Thousands of years ago there was a very wealthy king.

He was neutral.

Neither very good nor very bad.

To be wealthy he needed his subjects to work hard for him.

He was neither very good nor very bad.

His problem was twofold:

  1. His best workers didn’t work very hard. They were so productive that they could finish their work in an hour or two. They could take naps. Play with their children. So they did. This made the wealthy king less wealthy.

  2. Seeing the best workers go home or take naps made the normal workers work less, too. Why put in a day of hard work, if someone else could do it in a few hours?

The wealthy King called in the greatest Magician of the land.

The Magician was neutral. He was neither very good nor very bad.

But his magic was unsurpassed.

“Magician, I have two problems: can you cast a spell so powerful that my best workers don’t take naps? And another spell so powerful that my normal workers keep working even if it seems futile?”
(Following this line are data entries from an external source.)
Lemma expo_le_subC a f g :
  expo_le f a && expo_le g (expo_sub a f) = expo_le g a && expo_le f (expo_sub a g).
Proof. by rewrite !expo_le_sub; apply: eq_forallb => i; rewrite addnC. Qed.

Definition expo_add a n : expo r := [ffun i => a i + n i]%N.

Lemma expo_subK a n : expo_le n a -> expo_add (expo_sub a n) n = a.
Proof. by move/forallP=> le_na; apply/ffunP => i; rewrite !ffunE subnK. Qed.

Definition expo_size a := (\sum_i a i)%N.

Lemma expo_size_sub_lt n a :
  expo_le n a -> n != expo0 r -> (expo_size (expo_sub a n) < expo_size a)%N.
Proof.
move=> /forallP le_na n_neq0.
have -> : expo_size a = (expo_size (expo_sub a n) + expo_size n)%N.
  by rewrite /expo_size -big_split; apply: eq_bigr => i _; rewrite ffunE /= subnK.
rewrite -{1}(addn0 (expo_size _)) ltn_add2l lt0n sum_nat_eq0; apply: contra n_neq0 => /forallP n0.
by apply/eqP/ffunP => i; rewrite ffunE; apply/eqP/n0.
Qed.

End Exponents.

Section Concatenation.
Variables r s : nat.

Lemma expo_catEl (a : expo r) (b : expo s) j : expo_cat a b (lshift s j) = a j.
Proof. by rewrite ffunE (unsplitK (inl _ j)). Qed.

Lemma expo_catEr (a : expo r) (b : expo s) k : expo_cat a b (rshift r k) = b k.
Proof. by rewrite ffunE (unsplitK (inr _ k)). Qed.

Lemma expo_le_cat (a a' : expo r) (b b' : expo s) :
  expo_le (expo_cat a b) (expo_cat a' b') = expo_le a a' && expo_le b b'.
Proof.
apply/forallP/andP => [le_cat|[/forallP le_a /forallP le_b] i].
  split; apply/forallP => j.
    by have := le_cat (lshift s j); rewrite !expo_catEl.
  by have := le_cat (rshift r j); rewrite !expo_catEr.
by rewrite !ffunE; case: split.
Qed.

Lemma expo_sub_cat (a a' : expo r) (b b' : expo s) :
  expo_sub (expo_cat a b) (expo_cat a' b') = expo_cat (expo_sub a a') (expo_sub b b').
Proof. by apply/ffunP => i; rewrite !ffunE; case: split => j; rewrite ffunE. Qed.

Lemma expo_cat0 : expo_cat (expo0 r) (expo0 s) = expo0 (r + s).
Proof. by apply/ffunP => i; rewrite !ffunE; case: split => j; rewrite ffunE. Qed.
(* Assume Condition B holds and let $\pi^{\delta_s}$ be the stationary distribution of the returned process $X^{\delta_s}$ (which is returned to the state $s$ whenever $X$ would hit $0$). Then $$\sum_{k\in C}\pi^{\delta_s}(k)\,q_{k0}=\frac{1-p_s}{T_s}.$$
   Context: $X$ is a stable, conservative, non-explosive pure jump Markov process on a countable state space $C\cup\{0\}$, where $0$ is an absorbing (cemetery) state and $C$ is a single irreducible transient class, with infinitesimal matrix $Q=(q_{ij})$. For a probability distribution $\mu$ on $C$, the returned process $X^\mu$ is the Markov process on $C$ with rates $q^\mu_{ij}=q_{ij}+q_{i0}\mu_j$, $i,j\in C$; $\delta_s$ is the point mass at $s$. For a set $A$, $\tau_A:=\inf\{t>0: X(t)\in A,\ X(u)\notin A\text{ for some }u<t\}$; $\mathbb{P}_k,\mathbb{E}_k$ refer to $X(0)=k$. Condition B: there is $s\in C$ such that, with $p_k:=\mathbb{P}_k[X(\tau_{\{s,0\}})=s]$ and $T_k:=\mathbb{E}_k[\tau_{\{s,0\}}]$, (i) $\inf_{k\in C}p_k=p>0$ and (ii) $T_k<\infty$ for all $k\in C$. *)

(* classical real numbers. No measure theory is available,
   so the probabilistic quantities are expressed through the embedded jump
   chain as (unordered, nonnegative) sums over finite paths. *)
From Stdlib Require Import Reals Lra List Bool Arith ClassicalEpsilon.
Import ListNotations.
Open Scope R_scope.

Inductive ereal : Type := Fin (r : R) | Inf.

Definition finsums {A : Type} (f : A -> R) (r : R) : Prop :=
  exists l : list A, NoDup l /\ r = fold_right (fun a acc => f a + acc) 0 l.

Lemma finsums_ne {A : Type} (f : A -> R) : exists r, finsums f r.
Proof. exists 0. exists (@nil A). split; [constructor | reflexivity]. Qed.

Definition nnsum {A : Type} (f : A -> R) : ereal :=
  match excluded_middle_informative (bound (finsums f)) with
  | left H => Fin (proj1_sig (completeness (finsums f) H (finsums_ne f)))
  | right _ => Inf
  end.

(* State space C ∪ {0}, encoded in nat: 0 is the cemetery, C = {n | inC n}. *)
Definition inS (inC : nat -> bool) (j : nat) : bool := (j =? 0)%nat || inC j.

Definition qtot (q : nat -> nat -> R) (i : nat) : R := - q i i.

Definition jumpP (q : nat -> nat -> R) (i j : nat) : R :=
  if (i =? j)%nat then 0 else q i j / qtot q i.

(* Probability that the jump chain started at k follows the path l = [x1;...;xn]. *)
Fixpoint pathw (q : nat -> nat -> R) (k : nat) (l : list nat) : R :=
  match l with
  | [] => 1
  | x :: l' => jumpP q k x * pathw q x l'
  end.

(* Sum of the mean holding times 1/q_{x_0} + ... + 1/q_{x_{n-1}} along the
   path k = x0, x1, ..., xn (conditional expectation of the elapsed time). *)
Fixpoint pathtime (q : nat -> nat -> R) (k : nat) (l : list nat) : R :=
  match l with
  | [] => 0
  | x :: l' => / qtot q k + pathtime q x l'
  end.

Fixpoint hits (allowed target : nat -> bool) (l : list nat) : bool :=
  match l with
  | [] => false
  | [x] => target x
  | x :: l' => allowed x && hits allowed target l'
  end.

(* P_k[ the chain, after leaving k, enters 'target' (at a jump time) while
   staying in 'allowed' before ] *)
Definition hitprob (q : nat -> nat -> R) (allowed target : nat -> bool) (k : nat)
  : ereal :=
  nnsum (fun l : list nat => if hits allowed target l then pathw q k l else 0).

(* Region strictly before τ_{ {s,0} }: states of C other than s. *)
Definition avoid_s (inC : nat -> bool) (s : nat) (x : nat) : bool :=
  inC x && negb (x =? s)%nat.

(* p_k := P_k[ X(τ_{s,0}) = s ] *)
Definition p_hit (q : nat -> nat -> R) (inC : nat -> bool) (s k : nat) : ereal :=
  hitprob q (avoid_s inC s) (fun x => (x =? s)%nat) k.

(* P_k[ τ_{s,0} < ∞ ] *)
Definition p_term (q : nat -> nat -> R) (inC : nat -> bool) (s k : nat) : ereal :=
  hitprob q (avoid_s inC s) (fun x => (x =? s)%nat || (x =? 0)%nat) k.

(* E_k[ τ_{s,0} ; τ_{s,0} < ∞ ] *)
Definition m_term (q : nat -> nat -> R) (inC : nat -> bool) (s k : nat) : ereal :=
  nnsum (fun l : list nat =>
    if hits (avoid_s inC s) (fun x => (x =? s)%nat || (x =? 0)%nat) l
    then pathw q k l * pathtime q k l else 0).

(* T_k := E_k[ τ_{s,0} ]  (= +∞ if τ_{s,0} = ∞ with positive probability) *)
Definition T_hit (q : nat -> nat -> R) (inC : nat -> bool) (s k : nat) : ereal :=
  match excluded_middle_informative (p_term q inC s k = Fin 1) with
  | left _ => m_term q inC s k
  | right _ => Inf
  end.

Definition p_return (q : nat -> nat -> R) (inC : nat -> bool) (i : nat) : ereal :=
  hitprob q (fun x => inC x && negb (x =? i)%nat) (fun x => (x =? i)%nat) i.

Fixpoint pospath (q : nat -> nat -> R) (inC : nat -> bool) (k : nat) (l : list nat)
  : Prop :=
  match l with
  | [] => True
  | x :: l' => k <> x /\ inS inC x = true /\ 0 < q k x /\ pospath q inC x l'
  end.

Definition leads (q : nat -> nat -> R) (inC : nat -> bool) (i j : nat) : Prop :=
  exists l, pospath q inC i l /\ last (i :: l) i = j.
(* Let $n\geq 2$ and $m\geq 1$ be integers, let $K$ be an algebraically closed field, and let $p(x_1,\ldots,x_m)\in K\langle x_1,\ldots,x_m\rangle$ be a polynomial with zero constant term in non-commuting variables. Set $r=\mathrm{ord}(p)$ and suppose that $1<r<n-1$. Then $p(T_n(K))=\{p(u_1,\ldots,u_m): u_1,\ldots,u_m\in T_n(K)\}$ is a dense subset of $T_n(K)^{(r-1)}$ with respect to the Zariski topology.
   Context: $T_n(K)$ denotes the algebra of $n\times n$ upper triangular matrices over $K$. For an integer $t\geq 0$, $T_n(K)^{(t)}$ denotes the set of upper triangular matrices whose $(i,j)$ entries are zero whenever $j-i\leq t$; it is identified with the affine space $K^d$, $d=\frac{(n-r)(n-r+1)}{2}$ when $t=r-1$, via the entries $(i,j)$ with $j-i\geq t+1$, and carries the Zariski topology of that affine space (closed sets are common zero sets of families of commutative polynomials in these coordinates). For a $K$-algebra $\mathcal{A}$ let $\mathcal{T}(\mathcal{A})$ be the set of polynomial identities of $\mathcal{A}$; one has $\mathcal{T}(K)\supset\mathcal{T}(T_2(K))\supset\mathcal{T}(T_3(K))\supset\cdots$, with $T_1(K)=K$. The order $\mathrm{ord}(p)$ of $p$ is the least integer $k\geq 1$ such that $p\in\mathcal{T}(T_k(K))$ but $p\notin\mathcal{T}(T_{k+1}(K))$, and $\mathrm{ord}(p)=0$ if $p\notin\mathcal{T}(K)$. *)

From HB Require Import structures.
From mathcomp Require Import all_boot all_order all_algebra.
From mathcomp Require Import mpoly.
Set Implicit Arguments. Unset Strict Implicit. Unset Printing Implicit Defensive.
Import GRing.Theory.
Local Open Scope ring_scope.

(* A polynomial in the free algebra K<x_1,...,x_m> (non-commuting variables,
   indexed by 'I_m), presented as a finite K-linear combination of words:
   the list [:: (c_1, w_1); ...; (c_k, w_k)] stands for \sum c_l w_l,
   where a word w is a sequence of variable indices. *)
Definition ncpoly (K : fieldType) (m : nat) := seq (K * seq 'I_m).

Definition nc_const_coef (K : fieldType) (m : nat) (p : ncpoly K m) : K :=
  \sum_(t <- p | t.2 == [::]) t.1.
(* Let $S$ be a left cancellative semigroup and let $\omega$ be a weight on $S$. If $\ell^{1}(S,\omega)$ is pseudo-amenable, then $S$ is a group.
   Context: $S$ is left cancellative if $st=su$ implies $t=u$. A weight on $S$ is a function $\omega:S\to(0,\infty)$ with $\omega(st)\le\omega(s)\omega(t)$. The Beurling algebra $\ell^{1}(S,\omega)$ is the space of $f=\sum_s f(s)\delta_s$ with $\sum_s|f(s)|\omega(s)<\infty$, with convolution $\delta_s*\delta_t=\delta_{st}$. For a Banach algebra $\mathcal{A}$, with $\pi:\mathcal{A}\hat{\otimes}\mathcal{A}\to\mathcal{A}$, $\pi(a\otimes b)=ab$, an approximate diagonal is a net $(m_i)$ in $\mathcal{A}\hat{\otimes}\mathcal{A}$ with $a\cdot m_i-m_i\cdot a\to0$ and $a\pi(m_i)\to a$ for all $a\in\mathcal{A}$ (module actions $c\cdot(a\otimes b)=ca\otimes b$, $(a\otimes b)\cdot c=a\otimes bc$); $\mathcal{A}$ is pseudo-amenable if it has an approximate diagonal. *)

From HB Require Import structures.
From mathcomp Require Import all_boot all_order all_algebra.
From mathcomp Require Import all_classical all_reals all_analysis.
From mathcomp Require Import complex.
Set Implicit Arguments. Unset Strict Implicit. Unset Printing Implicit Defensive.
Import Order.TTheory GRing.Theory Num.Theory.
Local Open Scope ring_scope.

Section Beurling.
Variable R : realType.

Definition cmod (z : R[i]) : R := complex.Re `|z|.

(* sum of an absolutely summable real family over an arbitrary (choice) type *)
Definition rsum (T : choiceType) (g : T -> R) : R :=
  fine (\esum_(x in [set: T]) (Num.max (g x) 0)%:E)
  - fine (\esum_(x in [set: T]) (Num.max (- g x) 0)%:E).

Definition csum (T : choiceType) (f : T -> R[i]) : R[i] :=
  Complex (rsum (fun x => complex.Re (f x))) (rsum (fun x => complex.Im (f x))).

Definition in_l1 (T : choiceType) (w : T -> R) (f : T -> R[i]) : Prop :=
  (\esum_(x in [set: T]) (cmod (f x) * w x)%:E < +oo)%E.

Definition l1norm (T : choiceType) (w : T -> R) (f : T -> R[i]) : R :=
  fine (\esum_(x in [set: T]) (cmod (f x) * w x)%:E).

Variable S : choiceType.
Variable op : S -> S -> S.

Definition is_weight (w : S -> R) : Prop :=
  (forall s, 0 < w s) /\ (forall s t, w (op s t) <= w s * w t).

Definition left_cancellative : Prop :=
  forall s t u, op s t = op s u -> t = u.

Definition is_group : Prop :=
  exists e : S, (forall s, op e s = s /\ op s e = s) /\
    (forall s, exists t, op s t = e /\ op t s = e).

(* product weight on S x S: l^1(S,w) (projective tensor) l^1(S,w) = l^1(S x S, w x w) *)
Definition wprod (w : S -> R) (p : S * S) : R := w p.1 * w p.2.

(* convolution in l^1(S,w): delta_s * delta_t = delta_(st) *)
Definition conv (f g : S -> R[i]) (u : S) : R[i] :=
  csum (fun p : S * S => if op p.1 p.2 == u then f p.1 * g p.2 else 0).

(* left module action  a . (b (x) c) = ab (x) c  on l^1(S x S) *)
Definition lact (a : S -> R[i]) (m : S * S -> R[i]) (q : S * S) : R[i] :=
  csum (fun p : S * S => if op p.1 p.2 == q.1 then a p.1 * m (p.2, q.2) else 0).

(* right module action  (b (x) c) . a = b (x) ca  on l^1(S x S) *)
Definition ract (m : S * S -> R[i]) (a : S -> R[i]) (q : S * S) : R[i] :=
  csum (fun p : S * S => if op p.1 p.2 == q.2 then m (q.1, p.1) * a p.2 else 0).

(* the product map pi(b (x) c) = bc *)
Definition pimap (m : S * S -> R[i]) (u : S) : R[i] :=
  csum (fun p : S * S => if op p.1 p.2 == u then m p else 0).

Definition approx_diagonal (w : S -> R) (I : Type) (le : I -> I -> Prop)
    (m : I -> S * S -> R[i]) : Prop :=
  [/\ (forall i, le i i),
      (forall i j k, le i j -> le j k -> le i k),
      (forall i j, exists k, le i k /\ le j k),
      (forall i, in_l1 (wprod w) (m i)) &
      (forall a : S -> R[i], in_l1 w a ->
         forall eps : R, 0 < eps -> exists i0, forall i, le i0 i ->
           l1norm (wprod w) (fun q => lact a (m i) q - ract (m i) a q) < eps /\
           l1norm w (fun u => conv a (pimap (m i)) u - a u) < eps)].

Definition pseudo_amenable_l1 (w : S -> R) : Prop :=
  exists (I : Type) (le : I -> I -> Prop) (m : I -> S * S -> R[i]),
    approx_diagonal w le m.

End Beurling.

From Pilot Require Import Defs.
From HB Require Import structures.
From mathcomp Require Import all_boot all_order all_algebra.
From mathcomp Require Import all_classical all_reals all_analysis.
From mathcomp Require Import complex lra.
Import Order.TTheory GRing.Theory Num.Theory.
Local Open Scope ring_scope.

(* Test the approximate diagonal [m] against point masses [delta s].  As
   [delta s * pimap (m i)] lives on [s S] and approximates [delta s], every [s]
   has a right unit [t], which is a left identity by left cancellation.  Two
   distinct left identities would force the coefficient of [pimap (m i)] at one
   of them to be close to both 0 and 1, so [S] has an identity [e].  If [s] had
   no left inverse, the mass of [pimap (m i)] on [{u | u s = s}] would tend to
   1 (as [pimap (m i)] tends to [delta e]) and to 0: it is also the mass of
   [m i * delta s] on [{q | q.1 q.2 = s}], where [delta s * m i] vanishes.  The
   weight only enters through [w u >= 1] when [u s = s] and
   [w s <= w q.1 * w q.2] when [q.1 q.2 = s]. *)

Set Implicit Arguments. Unset Strict Implicit. Unset Printing Implicit Defensive.
Local Open Scope classical_set_scope.

Section nonneg_esum.
Variable R : realType.
Local Open Scope ereal_scope.

Lemma ge0_esumZl (T : choiceType) (D : set T) (c : R) (a : T -> \bar R) :
  (0 <= c)%R -> (forall x, 0 <= a x) ->
  \esum_(x in D) (c%:E * a x) = c%:E * \esum_(x in D) a x.
Proof.
move=> c0 a0; rewrite /esum -ereal_supZl //; last first.
  by apply/set0P; exists 0; exists set0; [exact: fsets_set0|rewrite fsbig_set0].
congr ereal_sup; apply/seteqP; split => x /=.
  move=> [A DA <-]; exists (\sum_(x \in A) a x); first by exists A.
  by rewrite ge0_mule_fsumr.
by move=> [y [A DA <-] <-]; exists A => //; rewrite ge0_mule_fsumr.
Qed.

Lemma esum_setT1 (T : choiceType) (a : T -> \bar R) (t : T) :
  (forall x, x != t -> a x = 0) -> 0 <= a t -> \esum_(x in [set: T]) a x = a t.
Proof.
move=> a0 at0; rewrite (esumID [set t]) ?setTI; last first.
  by move=> x _; have [->|/a0->] := eqVneq x t.
by rewrite esum_set1 // esum1 ?adde0 // => x /= /eqP; exact: a0.
Qed.

Lemma esum_setT_ge (T : choiceType) (a : T -> \bar R) (t : T) :
  (forall x, 0 <= a x) -> a t <= \esum_(x in [set: T]) a x.
Proof.
move=> a0; rewrite (esumID [set t]) ?setTI; last by move=> *; exact: a0.
by rewrite esum_set1 // leeDl //; apply: esum_ge0 => x _; exact: a0.
Qed.

Lemma esum_setT_reindex (U T : choiceType) (i : U -> T) (a : T -> \bar R) :
  injective i -> (forall x, 0 <= a x) -> (forall x, a x != 0 -> exists u, x = i u) ->
  \esum_(x in [set: T]) a x = \esum_(u in [set: U]) a (i u).
Proof.
move=> i_inj a0 a_range; rewrite (esumID (range i)); last by move=> *; exact: a0.
rewrite !setTI [X in (_ + X)]esum1 ?adde0; first by apply: esum_image => x y _ _ /i_inj.
move=> x /= x_out; apply/eqP; apply: contraT => /a_range [u xu].
by case: x_out; exists u.
Qed.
The Magician barely blinked an eye. “I can do both in just ONE spell”.

The King was excited: “We can get you any materials you need. Eye of newt, wolf’s-bane, fillet of a fenny snake…”

The Magician said, “I need only a handful of words and an audience.”.

The Magician rose from his seat. Cleared his throat.

“My name is Aesop.

My spell is called The Hare and the Tortoise.”

Aesop the magician told his story.

And the world was never the same.


The King, upon hearing the story, was furious:

“Preposterous! No-one is so stupid they would think a turtle is faster than a rabbit—that’s the opposite of truth.”

Aesop replied:

“People love stories more than they love truth.”